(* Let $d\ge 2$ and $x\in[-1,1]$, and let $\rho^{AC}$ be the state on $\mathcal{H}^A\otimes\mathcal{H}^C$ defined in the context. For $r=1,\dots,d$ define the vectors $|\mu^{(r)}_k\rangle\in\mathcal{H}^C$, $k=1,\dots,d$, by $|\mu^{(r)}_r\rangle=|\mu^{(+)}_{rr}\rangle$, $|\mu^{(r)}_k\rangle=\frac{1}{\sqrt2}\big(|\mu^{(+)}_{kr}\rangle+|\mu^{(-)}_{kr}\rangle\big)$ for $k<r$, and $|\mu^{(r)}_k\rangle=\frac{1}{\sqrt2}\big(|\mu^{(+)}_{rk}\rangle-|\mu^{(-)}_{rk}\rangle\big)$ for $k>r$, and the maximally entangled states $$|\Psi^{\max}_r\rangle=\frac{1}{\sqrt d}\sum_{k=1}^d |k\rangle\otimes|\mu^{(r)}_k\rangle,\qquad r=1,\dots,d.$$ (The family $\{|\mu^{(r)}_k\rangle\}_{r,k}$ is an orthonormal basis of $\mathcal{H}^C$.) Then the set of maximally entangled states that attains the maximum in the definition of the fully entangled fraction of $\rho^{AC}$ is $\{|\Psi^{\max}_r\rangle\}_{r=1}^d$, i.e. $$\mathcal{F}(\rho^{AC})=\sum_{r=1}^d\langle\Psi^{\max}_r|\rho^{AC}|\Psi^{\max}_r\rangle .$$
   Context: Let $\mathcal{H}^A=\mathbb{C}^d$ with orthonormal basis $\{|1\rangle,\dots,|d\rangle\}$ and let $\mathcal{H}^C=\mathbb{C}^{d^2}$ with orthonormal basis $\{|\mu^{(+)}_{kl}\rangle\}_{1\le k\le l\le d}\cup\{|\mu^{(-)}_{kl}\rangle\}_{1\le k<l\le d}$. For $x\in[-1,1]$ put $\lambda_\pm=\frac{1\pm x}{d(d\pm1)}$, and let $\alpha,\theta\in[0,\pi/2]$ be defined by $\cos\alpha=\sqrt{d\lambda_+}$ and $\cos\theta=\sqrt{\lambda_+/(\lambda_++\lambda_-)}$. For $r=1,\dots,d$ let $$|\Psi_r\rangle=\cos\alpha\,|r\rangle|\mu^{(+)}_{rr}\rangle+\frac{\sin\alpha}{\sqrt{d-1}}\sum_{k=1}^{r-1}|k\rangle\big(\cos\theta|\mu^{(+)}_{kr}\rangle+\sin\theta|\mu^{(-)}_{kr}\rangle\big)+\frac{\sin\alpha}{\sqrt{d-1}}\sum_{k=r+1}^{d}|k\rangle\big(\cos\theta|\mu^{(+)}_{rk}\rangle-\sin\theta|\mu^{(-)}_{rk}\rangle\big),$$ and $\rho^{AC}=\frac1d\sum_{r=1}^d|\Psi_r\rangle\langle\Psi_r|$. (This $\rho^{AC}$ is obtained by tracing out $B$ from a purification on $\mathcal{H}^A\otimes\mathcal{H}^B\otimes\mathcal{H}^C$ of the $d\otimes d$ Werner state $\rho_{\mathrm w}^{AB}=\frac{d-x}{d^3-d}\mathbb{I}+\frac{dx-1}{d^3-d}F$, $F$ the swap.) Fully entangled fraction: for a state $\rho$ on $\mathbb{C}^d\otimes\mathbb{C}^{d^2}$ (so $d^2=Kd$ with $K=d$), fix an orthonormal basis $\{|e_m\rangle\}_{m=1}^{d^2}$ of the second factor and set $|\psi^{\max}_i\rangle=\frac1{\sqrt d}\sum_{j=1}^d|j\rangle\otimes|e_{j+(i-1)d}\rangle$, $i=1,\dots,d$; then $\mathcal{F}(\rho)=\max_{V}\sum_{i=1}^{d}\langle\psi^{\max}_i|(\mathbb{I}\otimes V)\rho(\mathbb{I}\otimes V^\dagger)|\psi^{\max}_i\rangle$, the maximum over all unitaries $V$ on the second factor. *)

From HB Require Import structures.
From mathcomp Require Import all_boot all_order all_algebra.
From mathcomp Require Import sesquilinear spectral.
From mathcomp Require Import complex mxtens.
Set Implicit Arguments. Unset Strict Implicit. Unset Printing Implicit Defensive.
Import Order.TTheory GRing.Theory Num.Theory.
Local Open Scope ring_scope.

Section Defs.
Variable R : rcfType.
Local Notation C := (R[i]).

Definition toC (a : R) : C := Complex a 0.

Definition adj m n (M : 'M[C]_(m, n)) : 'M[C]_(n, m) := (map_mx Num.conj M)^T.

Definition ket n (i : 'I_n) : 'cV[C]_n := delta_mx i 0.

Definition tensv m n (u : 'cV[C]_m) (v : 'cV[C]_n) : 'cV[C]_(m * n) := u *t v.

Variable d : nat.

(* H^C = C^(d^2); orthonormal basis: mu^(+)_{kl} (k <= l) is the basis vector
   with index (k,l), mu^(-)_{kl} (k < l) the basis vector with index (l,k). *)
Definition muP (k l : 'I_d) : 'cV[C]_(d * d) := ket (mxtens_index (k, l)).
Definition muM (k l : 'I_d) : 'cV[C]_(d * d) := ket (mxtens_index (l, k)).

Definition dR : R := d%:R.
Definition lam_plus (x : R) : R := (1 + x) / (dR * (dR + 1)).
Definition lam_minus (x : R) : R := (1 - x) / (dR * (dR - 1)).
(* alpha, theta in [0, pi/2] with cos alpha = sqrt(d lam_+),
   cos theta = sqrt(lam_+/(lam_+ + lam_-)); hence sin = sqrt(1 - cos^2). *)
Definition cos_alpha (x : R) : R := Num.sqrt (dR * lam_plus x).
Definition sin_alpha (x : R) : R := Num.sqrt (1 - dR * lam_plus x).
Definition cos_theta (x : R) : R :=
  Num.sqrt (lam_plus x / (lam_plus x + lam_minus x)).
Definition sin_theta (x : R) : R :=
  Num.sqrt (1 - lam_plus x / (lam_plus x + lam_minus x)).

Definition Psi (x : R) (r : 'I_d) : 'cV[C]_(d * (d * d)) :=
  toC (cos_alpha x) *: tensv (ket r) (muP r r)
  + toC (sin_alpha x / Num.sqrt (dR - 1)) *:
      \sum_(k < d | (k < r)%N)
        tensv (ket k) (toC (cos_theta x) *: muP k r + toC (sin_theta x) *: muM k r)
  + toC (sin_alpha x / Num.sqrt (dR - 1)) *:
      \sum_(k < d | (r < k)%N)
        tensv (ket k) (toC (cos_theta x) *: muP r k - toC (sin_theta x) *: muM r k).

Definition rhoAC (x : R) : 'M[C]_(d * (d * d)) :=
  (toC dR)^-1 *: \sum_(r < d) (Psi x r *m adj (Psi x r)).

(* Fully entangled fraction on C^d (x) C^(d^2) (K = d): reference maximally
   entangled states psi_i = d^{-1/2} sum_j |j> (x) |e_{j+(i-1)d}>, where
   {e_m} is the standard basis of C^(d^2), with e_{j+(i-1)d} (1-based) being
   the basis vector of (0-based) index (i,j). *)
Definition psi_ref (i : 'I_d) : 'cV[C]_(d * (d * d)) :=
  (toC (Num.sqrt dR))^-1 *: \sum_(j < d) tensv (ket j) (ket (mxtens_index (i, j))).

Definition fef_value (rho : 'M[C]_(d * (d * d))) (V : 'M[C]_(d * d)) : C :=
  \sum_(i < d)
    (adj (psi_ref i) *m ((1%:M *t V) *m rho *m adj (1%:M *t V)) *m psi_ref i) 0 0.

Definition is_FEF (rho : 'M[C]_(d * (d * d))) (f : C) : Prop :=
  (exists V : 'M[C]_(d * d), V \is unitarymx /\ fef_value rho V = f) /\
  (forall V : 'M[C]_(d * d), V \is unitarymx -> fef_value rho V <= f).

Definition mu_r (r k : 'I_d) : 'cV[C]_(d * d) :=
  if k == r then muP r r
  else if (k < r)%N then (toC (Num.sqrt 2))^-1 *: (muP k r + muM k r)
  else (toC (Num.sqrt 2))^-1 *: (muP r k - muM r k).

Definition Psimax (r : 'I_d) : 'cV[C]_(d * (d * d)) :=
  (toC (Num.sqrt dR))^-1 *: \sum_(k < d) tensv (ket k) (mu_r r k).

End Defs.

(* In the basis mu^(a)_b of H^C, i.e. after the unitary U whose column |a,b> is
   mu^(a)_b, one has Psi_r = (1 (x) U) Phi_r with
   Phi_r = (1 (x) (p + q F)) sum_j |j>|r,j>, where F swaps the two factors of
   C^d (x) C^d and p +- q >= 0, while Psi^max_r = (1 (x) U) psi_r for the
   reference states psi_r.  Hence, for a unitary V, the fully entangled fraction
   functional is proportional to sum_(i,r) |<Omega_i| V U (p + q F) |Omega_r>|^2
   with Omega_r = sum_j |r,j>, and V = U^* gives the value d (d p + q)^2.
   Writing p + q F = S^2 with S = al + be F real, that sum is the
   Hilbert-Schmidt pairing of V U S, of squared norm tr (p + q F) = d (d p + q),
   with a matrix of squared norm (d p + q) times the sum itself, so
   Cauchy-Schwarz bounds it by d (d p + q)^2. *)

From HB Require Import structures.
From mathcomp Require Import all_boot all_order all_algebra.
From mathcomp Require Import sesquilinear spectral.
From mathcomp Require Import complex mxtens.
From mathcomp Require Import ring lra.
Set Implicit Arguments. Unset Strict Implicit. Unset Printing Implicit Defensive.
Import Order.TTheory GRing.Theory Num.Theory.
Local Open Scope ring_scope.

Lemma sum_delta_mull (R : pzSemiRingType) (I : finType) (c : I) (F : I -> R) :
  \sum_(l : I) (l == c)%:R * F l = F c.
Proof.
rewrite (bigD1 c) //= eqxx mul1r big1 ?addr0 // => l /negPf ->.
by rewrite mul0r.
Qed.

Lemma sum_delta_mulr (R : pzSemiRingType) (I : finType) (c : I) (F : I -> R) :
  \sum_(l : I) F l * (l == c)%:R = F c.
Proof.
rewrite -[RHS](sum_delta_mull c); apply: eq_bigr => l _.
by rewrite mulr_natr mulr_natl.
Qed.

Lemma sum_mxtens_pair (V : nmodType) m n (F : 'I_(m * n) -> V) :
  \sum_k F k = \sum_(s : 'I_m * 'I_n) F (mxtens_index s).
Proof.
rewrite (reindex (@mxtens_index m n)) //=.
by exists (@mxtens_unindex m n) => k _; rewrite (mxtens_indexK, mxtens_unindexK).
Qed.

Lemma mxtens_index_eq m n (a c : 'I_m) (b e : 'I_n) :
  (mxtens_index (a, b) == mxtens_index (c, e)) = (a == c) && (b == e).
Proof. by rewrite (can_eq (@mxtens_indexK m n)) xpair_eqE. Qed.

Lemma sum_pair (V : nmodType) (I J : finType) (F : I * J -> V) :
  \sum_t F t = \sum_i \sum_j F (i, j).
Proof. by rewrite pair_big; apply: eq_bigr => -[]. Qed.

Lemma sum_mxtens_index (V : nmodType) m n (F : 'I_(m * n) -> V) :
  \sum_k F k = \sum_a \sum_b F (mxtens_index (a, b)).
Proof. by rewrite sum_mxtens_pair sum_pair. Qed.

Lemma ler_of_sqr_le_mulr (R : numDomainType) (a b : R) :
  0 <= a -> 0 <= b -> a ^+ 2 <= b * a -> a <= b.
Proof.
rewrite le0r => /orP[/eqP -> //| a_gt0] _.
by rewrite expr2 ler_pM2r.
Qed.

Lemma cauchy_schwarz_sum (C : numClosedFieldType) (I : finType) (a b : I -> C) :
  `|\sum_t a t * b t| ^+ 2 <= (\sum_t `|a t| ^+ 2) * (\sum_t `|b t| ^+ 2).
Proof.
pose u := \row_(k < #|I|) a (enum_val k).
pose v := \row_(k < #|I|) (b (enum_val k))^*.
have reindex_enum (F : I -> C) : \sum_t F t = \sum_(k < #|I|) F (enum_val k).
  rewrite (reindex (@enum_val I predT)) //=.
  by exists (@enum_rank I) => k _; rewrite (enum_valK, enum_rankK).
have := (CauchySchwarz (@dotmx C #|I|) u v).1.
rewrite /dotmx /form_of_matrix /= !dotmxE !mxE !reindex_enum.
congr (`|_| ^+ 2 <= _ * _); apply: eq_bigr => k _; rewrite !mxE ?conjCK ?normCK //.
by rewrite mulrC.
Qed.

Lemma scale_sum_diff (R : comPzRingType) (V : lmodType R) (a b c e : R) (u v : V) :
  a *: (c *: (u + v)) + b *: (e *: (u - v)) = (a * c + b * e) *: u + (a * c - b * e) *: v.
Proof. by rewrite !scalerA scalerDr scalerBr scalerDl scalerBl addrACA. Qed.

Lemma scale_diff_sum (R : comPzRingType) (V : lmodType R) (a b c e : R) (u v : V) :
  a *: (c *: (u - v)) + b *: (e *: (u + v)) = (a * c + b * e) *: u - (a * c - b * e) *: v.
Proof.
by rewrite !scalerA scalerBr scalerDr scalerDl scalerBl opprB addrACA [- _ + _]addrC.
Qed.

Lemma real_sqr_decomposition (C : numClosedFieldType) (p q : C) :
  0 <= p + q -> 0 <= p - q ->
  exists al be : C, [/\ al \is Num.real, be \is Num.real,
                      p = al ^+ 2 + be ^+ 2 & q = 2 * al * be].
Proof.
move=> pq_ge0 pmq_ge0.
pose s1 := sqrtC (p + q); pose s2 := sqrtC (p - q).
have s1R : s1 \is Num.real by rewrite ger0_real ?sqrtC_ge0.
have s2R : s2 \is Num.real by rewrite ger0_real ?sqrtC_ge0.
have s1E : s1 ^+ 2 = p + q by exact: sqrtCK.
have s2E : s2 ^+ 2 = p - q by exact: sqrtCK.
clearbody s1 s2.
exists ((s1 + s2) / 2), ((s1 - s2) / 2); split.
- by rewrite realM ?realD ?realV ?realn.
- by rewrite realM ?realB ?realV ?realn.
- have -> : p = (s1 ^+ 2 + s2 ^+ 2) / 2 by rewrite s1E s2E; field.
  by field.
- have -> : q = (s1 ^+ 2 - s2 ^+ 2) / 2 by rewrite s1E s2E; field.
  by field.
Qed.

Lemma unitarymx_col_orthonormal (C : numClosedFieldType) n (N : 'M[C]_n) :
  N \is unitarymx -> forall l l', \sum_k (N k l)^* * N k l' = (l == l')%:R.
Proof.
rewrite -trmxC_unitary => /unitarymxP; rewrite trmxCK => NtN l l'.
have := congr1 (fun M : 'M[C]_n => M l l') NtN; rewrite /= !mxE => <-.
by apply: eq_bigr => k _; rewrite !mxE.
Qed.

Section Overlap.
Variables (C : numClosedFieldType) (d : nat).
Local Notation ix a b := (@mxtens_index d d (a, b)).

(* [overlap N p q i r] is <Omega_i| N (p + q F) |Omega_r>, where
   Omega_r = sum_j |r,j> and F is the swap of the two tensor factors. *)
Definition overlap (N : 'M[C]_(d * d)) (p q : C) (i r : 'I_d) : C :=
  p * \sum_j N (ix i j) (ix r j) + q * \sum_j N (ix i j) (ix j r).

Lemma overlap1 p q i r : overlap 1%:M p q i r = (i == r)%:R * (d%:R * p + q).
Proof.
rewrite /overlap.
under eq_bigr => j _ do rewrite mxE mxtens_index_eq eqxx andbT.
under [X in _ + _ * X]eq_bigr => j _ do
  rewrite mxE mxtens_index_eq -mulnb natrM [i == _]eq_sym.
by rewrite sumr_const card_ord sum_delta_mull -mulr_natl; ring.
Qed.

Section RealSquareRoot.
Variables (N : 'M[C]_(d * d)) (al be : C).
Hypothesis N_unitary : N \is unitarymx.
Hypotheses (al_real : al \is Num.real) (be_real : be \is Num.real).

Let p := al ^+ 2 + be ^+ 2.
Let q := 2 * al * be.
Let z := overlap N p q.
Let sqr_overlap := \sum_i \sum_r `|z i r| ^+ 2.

********************

## What the task asks
Starting at the line that contains "Local Notation ix", print every line through the end of the listing, word for word. Leave out all the rest.

## Result for this task
Local Notation ix a b := (@mxtens_index d d (a, b)).

(* [overlap N p q i r] is <Omega_i| N (p + q F) |Omega_r>, where
   Omega_r = sum_j |r,j> and F is the swap of the two tensor factors. *)
Definition overlap (N : 'M[C]_(d * d)) (p q : C) (i r : 'I_d) : C :=
  p * \sum_j N (ix i j) (ix r j) + q * \sum_j N (ix i j) (ix j r).

Lemma overlap1 p q i r : overlap 1%:M p q i r = (i == r)%:R * (d%:R * p + q).
Proof.
rewrite /overlap.
under eq_bigr => j _ do rewrite mxE mxtens_index_eq eqxx andbT.
under [X in _ + _ * X]eq_bigr => j _ do
  rewrite mxE mxtens_index_eq -mulnb natrM [i == _]eq_sym.
by rewrite sumr_const card_ord sum_delta_mull -mulr_natl; ring.
Qed.

Section RealSquareRoot.
Variables (N : 'M[C]_(d * d)) (al be : C).
Hypothesis N_unitary : N \is unitarymx.
Hypotheses (al_real : al \is Num.real) (be_real : be \is Num.real).

Let p := al ^+ 2 + be ^+ 2.
Let q := 2 * al * be.
Let z := overlap N p q.
Let sqr_overlap := \sum_i \sum_r `|z i r| ^+ 2.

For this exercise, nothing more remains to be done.